Rick had unparalleled success across the spectrum of model car racing at the highest levels. Rick was an engineer by education and was renowned for his meticulous craftsmanship in everything he did. He ran the storied Three-D's Bike & Hobby in Gross Pointe, MI, taking his generational family business into the stratosphere of big-time slot car racing, hosting some of the largest and well-attended HO races of the late 1970s into the 1990s. He hosted many regular-season HOPRA races on the Michigan circuit, but his "Winter Nationals" became second only to the HOPRA Nationals in stature and prestige, annually attracting an international crowd.
Rick cut his teeth in 1/32 slot car racing in and around the Detroit metropolitan area. He quickly was dominating the local scene and moved into 1/24  racing. During the NCC National Championship six-race series, he participated in several events, placing on the podium in third place at the Louisiana Grand Prix at Model Car Raceways in Metairie, LA. Only Mike Steube and Lee Gilbert finished ahead of him, and he placed above Joel Montague, Tom Hansen, John Anderson, and many others.

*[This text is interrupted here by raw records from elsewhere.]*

Lemma J1_or_J2_moved_beads l (sl : 'I_l -> int) (bla bmu : {ffun 'I_l -> seq nat}) :
  (forall b, is_partition (bla b)) -> (forall b, is_partition (bmu b)) ->
  (\sum_b sumn (bla b))%N = (\sum_b sumn (bmu b))%N ->
  (J1 bla bmu \/ J2 bla bmu) <-> (\sum_b moved_beads (bla b) (bmu b) (sl b))%N = 2%N.
Proof.
move=> pla pmu sum_eq; split; last exact: moved_beads_J1_J2.
by case; [apply: J1_moved_beads | apply: J2_moved_beads].
Qed.

Unset Implicit Arguments.

Theorem mainTheorem7 (n l m : nat) (sl : 'I_l -> int)
    (bla bmu : {ffun 'I_l -> seq nat}) (la mu : seq nat) (r : nat) :
  (0 < n)%N -> (0 < l)%N -> (0 < m)%N ->
  is_multipartition m bla -> is_multipartition m bmu ->
  is_partition la -> is_partition mu ->
  corr n sl bla la -> corr n sl bmu mu ->
  sumn la = r -> sumn mu = r ->
  (J1 bla bmu \/ J2 bla bmu) <->
  (size (undup [seq x <- Bset (\sum_(b < l) sl b) la
                 | x \in Bset (\sum_(b < l) sl b) mu]))%:Z = r%:Z - 2.
Proof.
move=> n_gt0 l_gt0 _ [pla sla] [pmu smu] pl pm cla cmu sumla summu.
have sizela : (size la <= r)%N by rewrite -sumla size_partition_le_sumn.
have sizemu : (size mu <= r)%N by rewrite -summu size_partition_le_sumn.
rewrite (J1_or_J2_moved_beads sl pla pmu); last by rewrite sla smu.
rewrite -(beta_diff_decomp n_gt0 l_gt0 pla pmu pl pm cla cmu sizela sizemu).
rewrite !Bset_beta_seq sumla summu undup_id ?filter_uniq ?beta_seq_uniq // size_beta_diff.
set s := \sum_(b < l) sl b.
have : (size [seq w <- beta_seq la s r | w \in beta_seq mu s r] <= r)%N.
  by rewrite size_filter (leq_trans (count_size _ _)) // size_map size_iota.
by split; lia.
Qed.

When the first 1/24 Nationals took place in 1971 at Parma, there was effectively a warm-up race conducted only a few months prior.  Rick beat all comers that day, including such iconic names as Jan Limpach (Nationals Champion in 1972, 1974, and 1978) and eventual inaugural champion Dan Bloodworth. Rick also won one of the most well-attended 1/24 races ever, with over 167 entries.
Rick discovered R/C racing that summer of 1971 and immediately switched from slot cars to 1/8 gas R/C racing. By 1980 he was the ROAR National Champion.  
Besides hosting so many wonderful races in his shop, Rick was likely the pre-eminent HO track designer of his day. At the 1984 HOPRA Nationals, Rick finished again on the podium in third place.
Rick Davis was a pioneer, innovator, and master-craftsman. He was known throughout the racing community as always willing to help. Those who took his keen advice were always faster as a result.
In the tide of seasons in model car racing, one would struggle to come up with a name, across the span of scales and classes, to match the success of Rick Davis. A record that took Rick to the pinnacles of 1/32, 1/24, and HO scales of slot cars and a national championship in 1/8 gas R/C racing.
Rick was a true friend to many inside and outside of his model racing activities. When we last visited at his home in person only several months ago, I told him he was truly on the Mount Rushmore of scale racing. As always, he laughed as only he could.
Rest in peace, my friend. Our prayers are with you and your family.